Еле снеся боль, Кедр спрашивал у вновь примчавшего Лешего:
— Как же так, отче, ведь ты говоришь, что сие невозможно?
А Леший руками разводит:
— С начала времён сего не видал, не то что за неделю дважды. Но, хоть люди и верят, что два без третьего не бывает, да к нам то правило не применимо.

А через месяц ударила третья.

Соседи молча отодвинули стволы, а Леший не знал, где слова черпать. Кедр скулит протяжней волка:
— За что мне, отче, такое лихо?
Заплывает белыми смоляными слезами.
А Леший гладит его:
— Терпи, соколик болезный, знать судьба у тебя такая. Мать-Земля, терпела и нам велела. Куда тебе деваться, не уйдёшь: ты — дерево.

Потом полоснула другая.

И Кедр вдруг понял, что отчего-то не горит и на части не колется. Ещё заметил, что слева почернел, а справа — белей зимы сделался. И шишки в голове завелись разные: простые, золотые, железные, серебряные, каменные.

А после следующего удара Кедр засветился.

Рвётся изнутри золотое сияние, будто солнце под кору влезло, а корни почти Сердца Земли достали. И свет в них гудит, вперемешку с болью.

Решил Кедр, что больше молний терпеть не станет. Чтобы Леший про судьбу и Землю-Мать ни говорил. Природа боль создала, природу боли менять и нужно.
В мучениях с диким треском вырвал он свои могучие корни. Ещё выше на них вытянулся и под аханье соседей пошёл куда глаза глядят.

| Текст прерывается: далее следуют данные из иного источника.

Lemma synd0 : synd 0 = 0.
Proof. by rewrite -(subrr (0 : word F)) syndB subrr. Qed.

Definition supp (u : word F) : {set I} := [set i | u i != 0].

Lemma hwtE u : hwt u = #|supp u|.
Proof. by []. Qed.

Lemma supp0 : supp 0 = set0.
Proof. by apply/setP => i; rewrite !inE ffunE eqxx. Qed.

Lemma suppD u v : supp (u + v) \subset supp u :|: supp v.
Proof.
apply/subsetP => i; rewrite !inE ffunE; apply: contraR.
by rewrite negb_or !negbK => /andP[/eqP-> /eqP->]; rewrite addr0.
Qed.

Lemma suppN u : supp (- u) = supp u.
Proof. by apply/setP => i; rewrite !inE ffunE oppr_eq0. Qed.

Lemma card_suppB u v : (#|supp (u - v)%R| <= #|supp u| + #|supp v|)%N.
Proof.
rewrite -(suppN v); apply: leq_trans (leq_card_setU _ _).
exact: subset_leq_card (suppD _ _).
Qed.

Lemma in_codeC c : (c \in codeC F) = (synd c == 0).
Proof.
rewrite inE; apply/forallP/eqP => [c0|c0 k].
  by apply/ffunP => k; rewrite !ffunE; apply/eqP.
by move/ffunP: c0 => /(_ k); rewrite !ffunE => ->.
Qed.

Lemma in_coset v u : (u \in coset v) = (synd u == synd v).
Proof. by rewrite inE in_codeC syndB subr_eq0. Qed.

Lemma synd_pairing (u : word F) (p : {poly F}) :
  \sum_(k < 4) p`_k * synd u k = \sum_(i : I) u i * \sum_(k < 4) p`_k * pcol i k.
Proof.
under eq_bigr do rewrite ffunE big_distrr.
rewrite exchange_big; apply: eq_bigr => i _; rewrite big_distrr.
by apply: eq_bigr => k _ /=; rewrite mulrA mulrC.
Qed.

Lemma sum_coef_pcol_Some (p : {poly F}) t :
  (size p <= 4)%N -> \sum_(k < 4) p`_k * pcol (Some t) k = p.[t].
Proof. by move=> p4; rewrite (horner_coef_wide _ p4). Qed.

Lemma sum_coef_pcol_None (p : {poly F}) : \sum_(k < 4) p`_k * pcol None k = p`_3.
Proof. by rewrite !big_ord_recr big_ord0 /= !mulr0 !add0r mulr1. Qed.

(* Pairing the syndrome with the coefficients of p = prod (X - t) over the other
   finite support points isolates c(t0) p(t0); the column at infinity meets the
   X^3 coefficient, which vanishes since then at most two such points remain. *)
Lemma codeword_small_eq0 c : (hwt c <= 4)%N -> synd c = 0 -> c = 0.
Proof.
move=> small c0.
have cSome t0 : c (Some t0) = 0.
  apply/eqP/negbNE/negP => ct0.
  pose Q := [pred t | (Some t \in supp c) && (t != t0)].
  pose p := \prod_(t <- enum Q) ('X - t%:P).
  have size_p : ((None \in supp c) + size p <= 4)%N.
    rewrite size_prod_XsubC -cardE; apply: leq_trans small; rewrite hwtE.
    rewrite (cardsD1 None) (cardsD1 (Some t0) (supp c :\ None)) !inE ct0 /=.
    rewrite leq_add2l add1n ltnS -(card_imset _ Some_inj); apply: subset_leq_card.
    apply/subsetP => _ /imsetP[t /andP[ct tt0] ->]; rewrite !inE.
    by move: ct; rewrite inE => ->; rewrite (inj_eq Some_inj) tt0.
  have p4 : (size p <= 4)%N by apply: leq_trans size_p; apply: leq_addl.
  have p_t0 : p.[t0] != 0.
    by rewrite -rootE root_prod_XsubC mem_enum inE eqxx andbF.
  suff : c (Some t0) * p.[t0] = 0 by move/eqP; rewrite mulf_eq0 (negPf ct0) (negPf p_t0).
  transitivity (\sum_(k < 4) p`_k * synd c k); last first.
    by rewrite c0 big1 // => k _; rewrite ffunE mulr0.
  rewrite synd_pairing (bigD1 (Some t0)) // sum_coef_pcol_Some //= [X in _ + X]big1 ?addr0 //.
  move=> [t|] ne.
    have [->|ct] := eqVneq (c (Some t)) 0; first by rewrite mul0r.
    rewrite sum_coef_pcol_Some // (rootP _) ?mulr0 // root_prod_XsubC mem_enum.
    by rewrite inE inE ct; apply: contra ne => /eqP->.
  have [->|cN] := eqVneq (c None) 0; first by rewrite mul0r.
  by rewrite sum_coef_pcol_None nth_default ?mulr0 //; move: size_p; rewrite inE cN.
apply/ffunP => -[t|]; rewrite ffunE ?cSome //.
move/ffunP: c0 => /(_ (inord 3)); rewrite !ffunE (bigD1 None) //= big1 => [|[t|] //].
  by rewrite addr0 inordK // mul1r.
by rewrite cSome mulr0.
Qed.

Lemma synd_inj_small u v : (hwt u + hwt v <= 4)%N -> synd u = synd v -> u = v.
Proof.
move=> small suv; apply/eqP; rewrite -subr_eq0; apply/eqP/codeword_small_eq0.
  exact: leq_trans (card_suppB u v) small.
by rewrite syndB suv subrr.
Qed.

Lemma supp_subB (T : {set I}) u v :
  supp v \subset T -> (supp (u - v) \subset T) = (supp u \subset T).
Proof.
move=> vT; have sub_T x : supp x \subset T -> supp (x + v) \subset T.
  by move=> xT; apply: subset_trans (suppD x v) _; rewrite subUset xT.
apply/idP/idP => [/sub_T|uT]; first by rewrite subrK.
by apply: subset_trans (suppD u (- v)) _; rewrite subUset uT suppN vT.
Qed.

Lemma synd_onto_large (T : {set I}) s :
  (4 <= #|T|)%N -> exists2 u, supp u \subset T & synd u = s.
Proof.
move=> T4; pose e (k : 'I_4) : I := enum_val (widen_ord T4 k).
have e_inj : injective e by move=> k1 k2 /enum_val_inj /(congr1 val) /= /val_inj.
pose spread (x : {ffun 'I_4 -> F}) : word F :=
  [ffun i => \sum_(k < 4) (e k == i)%:R * x k].
have spreadB x y : spread x - spread y = spread (x - y).
  apply/ffunP => i; rewrite !ffunE -sumrB; apply: eq_bigr => k _.
  by rewrite !ffunE mulrBr.
have spreadE x k : spread x (e k) = x k.
  rewrite ffunE (bigD1 k) //= eqxx mul1r big1 ?addr0 // => k' nek.
  by rewrite (inj_eq e_inj) (negPf nek) mul0r.
have supp_spread x : supp (spread x) \subset e @: 'I_4.
  apply/subsetP => i; rewrite inE; apply: contraR => /imsetP ne_i.
  rewrite ffunE big1 // => k _; have [eki|] := eqVneq (e k) i; last by rewrite mul0r.
  by case: ne_i; exists k.
have synd_spread_inj : injective (synd \o spread).
  move=> x y /= sxy; have /ffunP spread0 : spread (x - y) = 0.
    apply: codeword_small_eq0; last by rewrite -spreadB syndB sxy subrr.
    rewrite hwtE (leq_trans (subset_leq_card (supp_spread _))) //.
    by rewrite (leq_trans (leq_imset_card _ _)) ?card_ord.
  apply/ffunP => k; apply/eqP; rewrite -subr_eq0.
  by move: (spread0 (e k)); rewrite spreadE !ffunE => ->.
have [g _ gK] := injF_bij synd_spread_inj.
exists (spread (g s)); last exact: gK.
apply: subset_trans (supp_spread _) _.
by apply/subsetP => _ /imsetP[k _ ->]; apply: enum_valP.
Qed.

Definition nwords_sub (s : {ffun 'I_4 -> F}) (T : {set I}) : int :=
  \sum_(u : word F | (supp u \subset T) && (synd u == s)) 1.

Definition nwords_supp (s : {ffun 'I_4 -> F}) (S : {set I}) : int :=
  \sum_(u : word F | (supp u == S) && (synd u == s)) 1.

Дошёл до края болот и там на сухом участке земли разместился. Расправил корни: болота с начала до конца ими обнял. Три корня особо дюжие были — один Сердца Земли коснулся, два других самую смертную топь в кольцо сомкнули. Кедр молнии по ним пустил, и вроде Глаза в трясине вышло.

В то кольцо никто из людей ходить не отваживался. Да и незачем было: зверь туда не забегал ни пушной, ни копытный, птицы в небе за версту облетали, даже гадюки стороной обходили.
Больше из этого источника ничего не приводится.